While computing loss, the target tensors need to have a pad token appended to them. This is now fixed ✅
When realigning target and prediction tensors to have the same shape:
- We're not considering max_sequence_length, which we must consider once again. However, this case is tricky because we don't want the target tensor to have any output values if the input tensor didn't actually have the labels in it (because it got truncated due to max sequence length). This is specifically because in this case we don't want to predict loss on these kinds of inputs. This has a nasty fix that involves caching the model_inputs during the forward pass as class variables and then re-using them when realigning the tensors.
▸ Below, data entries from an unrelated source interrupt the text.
Lemma decr_incr j (x : seq nat) : j < size x -> decr j (incr_nth x j) = x.
Proof.
move=> h; have hs : size (incr_nth x j) = size x by rewrite size_incr_nth h.
apply: (@eq_from_nth _ 0); first by rewrite size_decr hs.
move=> i _; rewrite nth_decr !nth_incr_nth; case: (eqVneq i j) => [->|ne].
  by rewrite eqxx.
by [].
Qed.

Lemma succ_view (c c' : config) : succ n delta c c' ->
  [\/ c'.2 = c.2 /\ (forall x, step_back n delta c c' x = x),
      exists r, [/\ 1 <= r <= n, pop n r c.2 = Some c'.2 & forall x, step_back n delta c c' x = x]
    | exists r g, [/\ 1 <= r <= n, push n r g c.2 = Some c'.2 &
         forall x, step_back n delta c c' x =
            if x \in pos (top n (r - 1) c'.2) then decr (n - r) x else x]].
Proof.
move=> [g [hg hd]]; rewrite /step_back hg.
case: (delta c.1 g) hd => [f|q o] hd.
  by case: hd => a ->; constructor 1.
case: hd => s' [ha ->] /=.
case: o ha => [r|r g'] /= ha.
  constructor 2; exists r; move: ha; rewrite /pop; case: ifP => // hr ha; by split.
constructor 3; exists r, g'; move: ha; rewrite /push; case: ifP => // hr ha; by split.
Qed.

Section OneStep.
Variables (c c' : config).
Hypothesis hs : succ n delta c c'.
Hypotheses (hw : wfk n n c.2) (hn : nonempty c.2) (hw' : wfk n n c'.2) (hn' : nonempty c'.2).
Local Notation s := c.2.
Local Notation s' := c'.2.
Local Notation sb := (step_back n delta c c').

Lemma mem_top_push r g x : 1 <= r <= n -> push n r g s = Some s' -> x \in pos s' ->
  (x \in pos (top n (r - 1) s')) <-> agree (n - r).+1 x (incr_nth (toppos n s) (n - r)).
Proof.
move=> hr hp hx.
have hr1 : r - 1 <= n by case/andP: hr => _ h; apply: leq_trans (leq_subr 1 r) h.
have := top_mem x hr1 hw' hn'; rewrite subnB1 // (push_toppos hr hp hw hn) => h.
split; first by case/h.
by move=> hp1; apply/h.
Qed.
This is now fixed ✅
- We were casting predictions to float instead of leaving them as int32/int64. This is now fixed ✅
- We were casting targets to float32 instead of leaving them as int64. This is now fixed ✅
Fixes an issue where perplexity was being computed incorrectly. The root cause is the fact that we want to calculate perplexity using shifted cross entropy loss as opposed to regular cross entropy loss. This requires getting the next token shifted cross entropy loss and manually calling torch.exp() to get the perplexity score. Fixed now ✅

for more information, see https://pre-commit.ci

github-actions · 2023-06-14T20:00:23Z

Unit Test Results

  6 files ±0   6 suites ±0 1h 24m 35s ⏱️ + 4m 57s
33 tests ±0 29 ✔️ ±0   4 💤 ±0 0 ❌ ±0
99 runs ±0 87 ✔️ ±0 12 💤 ±0 0 ❌ ±0

Results for commit 48bd590. ± Comparison against base commit 9112470.

♻️ This comment has been updated with latest results.
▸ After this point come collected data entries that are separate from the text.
(* nil is represented by [None] (programs) and [(None, None)] (couple pairs).  *)
(* A ROL is stored as the sequence of its acceptable alternatives, in order;  *)
(* the terminating nil is implicit (it sits at position [size s]).           *)

Section SMPC.
Variables (D P : finType).

Record instance := Instance {
  single : {set D};
  couples : {set D * D};
  quota : P -> nat;
  rolS : D -> seq P;
  rolC : D * D -> seq (option P * option P);
  rolP : P -> seq D
}.

Definition wf (I : instance) : Prop :=
  (forall p, 1 <= quota I p) /\
  (forall d, d \in single I -> uniq (rolS I d)) /\
  (forall c, c \in couples I -> uniq (rolC I c) /\ (None, None) \notin rolC I c) /\
  (forall p, uniq (rolP I p)) /\
  (forall c, c \in couples I ->
     [/\ c.1 \notin single I, c.2 \notin single I & c.1 != c.2]) /\
  (forall d, d \notin single I ->
     #|[set c in couples I | (c.1 == d) || (c.2 == d)]| = 1).

(* Position of an alternative on a ROL [s] terminated by [nilx]; unlisted    *)
(* (unacceptable) alternatives come after nil.                                *)
Definition rk (X : eqType) (nilx : X) (s : seq X) (x : X) : nat :=
  if x == nilx then size s else if x \in s then index x s else (size s).+1.

Definition rkS (I : instance) (d : D) (x : option P) : nat :=
  rk None (map Some (rolS I d)) x.
Definition rkC (I : instance) (c : D * D) (x : option P * option P) : nat :=
  rk (None, None) (rolC I c) x.

Definition ch_feasible (I : instance) (p : P) (R X : {set D}) : bool :=
  [&& X \subset R,
      [forall d in X, d \in rolP I p],
      #|X| <= quota I p &
      [forall d in X, forall d' in R :\: X,
         index d (rolP I p) < index d' (rolP I p)]].

Definition ch (I : instance) (p : option P) (R : {set D}) : {set D} :=
  match p with
  | None => R
  | Some p => odflt set0 [pick X | maxset (ch_feasible I p R) X]
  end.

Definition matching := D -> option P.

Definition assigned (mu : matching) (p : P) : {set D} := [set d | mu d == Some p].

Definition willAccept (I : instance) (p : option P) (R : {set D}) (mu : matching) : Prop :=
  match p with
  | None => R \subset ch I None R
  | Some q => R \subset ch I (Some q) (assigned mu q :|: R)
  end.

Definition muC (mu : matching) (c : D * D) := (mu c.1, mu c.2).

Definition individually_rational (I : instance) (mu : matching) : Prop :=
  (forall d, d \in single I -> rkS I d (mu d) <= rkS I d None) /\
  (forall c, c \in couples I -> rkC I c (muC mu c) <= rkC I c (None, None)) /\
  (forall p, #|assigned mu p| <= quota I p /\
             forall d, d \in assigned mu p -> d \in rolP I p).

Definition blocking_single (I : instance) (mu : matching) (d : D) (p : P) : Prop :=
  d \in single I /\ rkS I d (Some p) < rkS I d (mu d) /\
  willAccept I (Some p) [set d] mu.

Definition blocking_couple2 (I : instance) (mu : matching) (c : D * D)
  (pp : option P * option P) : Prop :=
  c \in couples I /\ pp.1 != pp.2 /\ rkC I c pp < rkC I c (muC mu c) /\
  willAccept I pp.1 [set c.1] mu /\ willAccept I pp.2 [set c.2] mu.

Definition blocking_couple1 (I : instance) (mu : matching) (c : D * D) (p : P) : Prop :=
  c \in couples I /\ rkC I c (Some p, Some p) < rkC I c (muC mu c) /\
  willAccept I (Some p) [set c.1; c.2] mu.

Definition stable (I : instance) (mu : matching) : Prop :=
  individually_rational I mu /\
  (forall d p, ~ blocking_single I mu d p) /\
  (forall c pp, ~ blocking_couple2 I mu c pp) /\
  (forall c p, ~ blocking_couple1 I mu c p).

Definition resident_optimal (I : instance) (mu : matching) : Prop :=
  stable I mu /\
  forall mu', stable I mu' ->
    (forall d, d \in single I -> rkS I d (mu d) <= rkS I d (mu' d)) /\
    (forall c, c \in couples I -> rkC I c (muC mu c) <= rkC I c (muC mu' c)).

Definition replS (I : instance) (d : D) (s : seq P) : instance :=
  Instance (single I) (couples I) (quota I)
    (fun d' => if d' == d then s else rolS I d') (rolC I) (rolP I).
Definition replC (I : instance) (c : D * D) (s : seq (option P * option P)) : instance :=
  Instance (single I) (couples I) (quota I) (rolS I)
    (fun c' => if c' == c then s else rolC I c') (rolP I).

End SMPC.

From mathcomp Require Import all_boot.
From Stdlib Require Import FunctionalExtensionality.
Set Implicit Arguments. Unset Strict Implicit. Unset Printing Implicit Defensive.

(* Truncation: a match that is acceptable for a truncated ROL lies in the kept
   prefix, and so does everything the resident truly prefers to it.  Hence a
   matching stable for the truncated report, in which the resident is matched,
   is stable for the true preferences, and resident optimality of the truthful
   outcome rules out any gain.  Reordering: with unit quotas a program accepts a
   doctor iff it ranks him above its current assignee, which makes stability
   decidable on a finite instance; a single, a couple and two programs then
   give a profitable reordering, checked over all 27 matchings. *)

Section Ranks.
Variables (X : eqType) (nilx : X).

Lemma mem_of_rk_le_nil s x : x != nilx -> rk nilx s x <= rk nilx s nilx -> x \in s.
Proof. by rewrite /rk eqxx => /negbTE ->; case: ifP; rewrite // ltnn. Qed.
for more information, see https://pre-commit.ci

justinxzhao

Nice work!

It's great that you've gotten to the bottom of the loss/metric differences with the PEFT notebook you were referencing. I would like to understand the tensor manipulations more deeply.

Most of my comments are questions.

It looks like some unit tests are failing due to the new NextTokenPerplexity metric. Could you check on that?

ludwig/data/prompt.py

ludwig/modules/metric_modules.py

justinxzhao · 2023-06-20T04:53:32Z

ludwig/models/predictor.py

+                    self.model.update_metrics_finetune(targets, preds)
+
+                    # accumulate predictions from batch for each output feature
+                    if collect_predictions:


When is collect_predictions=False?

It's always false by default. I just copied this over from ECD to be honest

Curious @w4nderlust if you have more context on this collect_predictions mechanism?

trying to remember, I believe it has to do with evaluation / training time. collecting the actual predictions, in particular the probabilities, could be expensive, especially for sequence/text output features, where there are these big tensors hanging around.
if i remember correctly, when running evaluate and the experiment functions, it is actually set to false for those reasons. (also the predictions before where concatenated before being written on disk, and that in some cases meant out of memory for no good reason after training)

ludwig/models/predictor.py

ludwig/modules/metric_modules.py

ludwig/models/llm.py

arnavgarg1 · 2023-06-23T05:10:03Z

@justinxzhao ready for re-review!

justinxzhao

Just a few more questions!

ludwig/models/llm.py

justinxzhao · 2023-06-23T06:18:00Z

ludwig/schema/features/text_feature.py

@@ -235,5 +234,5 @@ class LLMTextDefaultsConfig(TextInputFeatureConfigMixin, TextOutputFeatureConfig

    loss: BaseLossConfig = LossDataclassField(


Hmm -- I wonder if this would be as simple as using a StringOptions field (CC: @ksbrar)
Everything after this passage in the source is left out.